Sometime I wonder if I did take on a lover with a bio-cock, after having sexual experiences, I'd either suddenly become gripped by an intense feeling of being incomplete and non-man. Other times I wonder if it would completely disillusion me and I'd be turned off from cock forever. Or maybe it would just be a lot of fun. Perhaps I should investigate test-driving someone ELSE's cock.

uh-oh

Feb. 14th, 2002 12:11 pm
raybear: (ghostface)
As an old-acting teenager, I was always hugely resentful of people who made assumptions or teased me about my age and any limits or stereotypes that came with it. I usually just shut my mouth and ignored them, and sometimes I would eventually gain their respect.

But in the past month I've had several conversations or occasions when I blamed a person's behavior on their age (generally being younger than me, though in one instance they were the same age). I've even caught myself saying (on several occasions) "Oh my, it's SOOoo obvious this person is only ____." When did this happen?

Though to my credit, I'm still acting way different then most folks, i.e. I don't assume from the get-go that a person will act a certain way, it's more that something will come out of their mouth that indicates to me their immaturity or inexperience, or more accurately, I had misjudged their experience and in reality they are exactly where they should be. But then again, who isn't exactly where they should be? If they weren't supposed to be there, they wouldn't. Again I digress.
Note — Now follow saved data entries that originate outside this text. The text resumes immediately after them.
(* The size $z_{77}$ of the non-self-referencing LZ77 factorization satisfies (already over a ternary alphabet): substitutions: $\liminf_{n\to\infty}\mathsf{MS}_{\mathrm{sub}}(z_{77},n)\ge 2$ and $\mathsf{AS}_{\mathrm{sub}}(z_{77},n)\ge z_{77}-1$; insertions: $\liminf_{n\to\infty}\mathsf{MS}_{\mathrm{ins}}(z_{77},n)\ge 2$ and $\mathsf{AS}_{\mathrm{ins}}(z_{77},n)\ge z_{77}-1$; deletions: $\liminf_{n\to\infty}\mathsf{MS}_{\mathrm{del}}(z_{77},n)\ge 2$ and $\mathsf{AS}_{\mathrm{del}}(z_{77},n)\ge z_{77}-2$.
   Context: Strings are over an alphabet $\Sigma$ (with at least three characters); $\mathsf{ed}$ is the edit distance. $\mathsf{MS}_{\mathrm{sub}}(C,n)=\max_{T\in\Sigma^n}\{C(T')/C(T): T'\in\Sigma^n,\ \mathsf{ed}(T,T')=1\}$, with $\mathsf{MS}_{\mathrm{ins}},\mathsf{MS}_{\mathrm{del}}$ analogous for $T'$ of length $n+1$, resp. $n-1$, and $\mathsf{AS}_\ast$ analogous with $C(T')-C(T)$. A bound ''$\mathsf{AS}\ge z_{77}-c$'' means there are strings $T$ with $z_{77}(T)$ arbitrarily large and $T'$ obtained by one edit of that type with $z_{77}(T')-z_{77}(T)\ge z_{77}(T)-c$. The non-self-referencing LZ77 factorization of $T$ is $T=f_1\cdots f_z$ where, with $f_0=\varepsilon$, for each $1\le i<z$ the factor $f_i$ is the shortest prefix of $f_i\cdots f_z$ that does not occur as a substring of $f_0f_1\cdots f_{i-1}$, and $f_z$ is the remaining suffix; $z_{77}(T)=z$. *)

From mathcomp Require Import all_boot all_order all_algebra.
Set Implicit Arguments. Unset Strict Implicit. Unset Printing Implicit Defensive.
Import Order.TTheory GRing.Theory Num.Theory.

Section Defs.
Variable A : eqType.

Fixpoint ed (s t : seq A) : nat :=
  match s with
  | [::] => size t
  | x :: s' =>
      let fix ed_in (t : seq A) : nat :=
        match t with
        | [::] => size s
        | y :: t' => minn (minn (ed s' t).+1 (ed_in t').+1) (ed s' t' + (x != y))
        end
      in ed_in t
  end.

(* Length of the LZ77 factor starting at position p of w: the shortest
   l >= 1 such that w[p..p+l) does not occur as a substring of w[0..p);
   if no prefix of the remaining suffix has this property, the whole
   remaining suffix (the last factor). *)
Definition lz_next_len (w : seq A) (p : nat) : nat :=
  let r := drop p w in
  minn (find (fun l => ~~ infix (take l.+1 r) (take p w)) (iota 0 (size r))).+1
       (size r).

Fixpoint lz_factors (fuel : nat) (w : seq A) (p : nat) : seq (seq A) :=
  match fuel with
  | 0 => [::]
  | f.+1 =>
      if p < size w then
        let l := lz_next_len w p in
        take l (drop p w) :: lz_factors f w (p + l)
      else [::]
  end.

Definition lz77 (w : seq A) : seq (seq A) := lz_factors (size w) w 0.

Definition z77 (w : seq A) : nat := size (lz77 w).
End Defs.

Local Open Scope ring_scope.

Definition ratio (a b : nat) : rat := (a%:R / b%:R)%R.

Definition MS_sub (S : finType) (n : nat) : rat :=
  \big[Order.max/0]_(T : n.-tuple S)
    \big[Order.max/0]_(T' : n.-tuple S | ed T T' == 1%N) ratio (z77 T') (z77 T).
Definition MS_ins (S : finType) (n : nat) : rat :=
  \big[Order.max/0]_(T : n.-tuple S)
    \big[Order.max/0]_(T' : n.+1.-tuple S | ed T T' == 1%N) ratio (z77 T') (z77 T).
Definition MS_del (S : finType) (n : nat) : rat :=
  \big[Order.max/0]_(T : n.-tuple S)
    \big[Order.max/0]_(T' : n.-1.-tuple S | ed T T' == 1%N) ratio (z77 T') (z77 T).

Definition liminf_ge (u : nat -> rat) (c : rat) : Prop :=
  forall eps : rat, 0 < eps -> exists N : nat, forall n : nat, (N <= n)%N -> c - eps <= u n.

(* "AS >= z77 - c" for edits with |T'| = |T| + d (d = 0, 1 or -1 encoded by
   the length relation len) : there are T with z77 T arbitrarily large and T'
   at edit distance 1 with z77 T' - z77 T >= z77 T - c. *)
Definition AS_ge (S : eqType) (len : nat -> nat -> bool) (c : nat) : Prop :=
  forall m : nat, exists T T' : seq S,
    [/\ (m <= z77 T)%N, len (size T) (size T'), ed T T' = 1%N
      & (z77 T + z77 T <= z77 T' + c)%N].

(* Over two letters a != c let T_0 = a and T_(k+1) = T_k T_k c.  The LZ77 factors
   of T_k are a, T_0 c, ..., T_(k-1) c, so z77 T_k = k + 1.  As T_(k+1) = aac R_k,
   one edit turns it into W R_k with W = abc, abac or ac.  Without the prefix aac
   the earlier sources are lost: after the factors of W, each block T_j c of R_k
   splits into the two factors T_j a and (T_j minus its first letter) cc, since
   neither T_j a nor c^(j+2) occurs before.  So z77 (W R_k) = |factors of W| + 2k
   while z77 T_(k+1) = k + 2.  For the multiplicative bounds at every length, both
   strings are padded by a prefix of T_(k+1) c, which adds exactly one factor to
   T_(k+1) and at least one to W R_k. *)

From Pilot Require Import Defs.
From mathcomp Require Import all_boot all_order all_algebra.
From mathcomp Require Import zify lra.
Set Implicit Arguments. Unset Strict Implicit. Unset Printing Implicit Defensive.
Import Order.TTheory GRing.Theory Num.Theory.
Not that I'm a towering pillar of wisdom and experience and adulthood and self-actualization in the form of a near-25 year old queer. But maybe, like that cult Landmark teaches, I've learned to know what I don't-know. And in most cases, I seem to be encountering people who think they know and know-it-all. They don't know all the things they don't know.

Now I just need to actualize my actualizations and realize my realizations.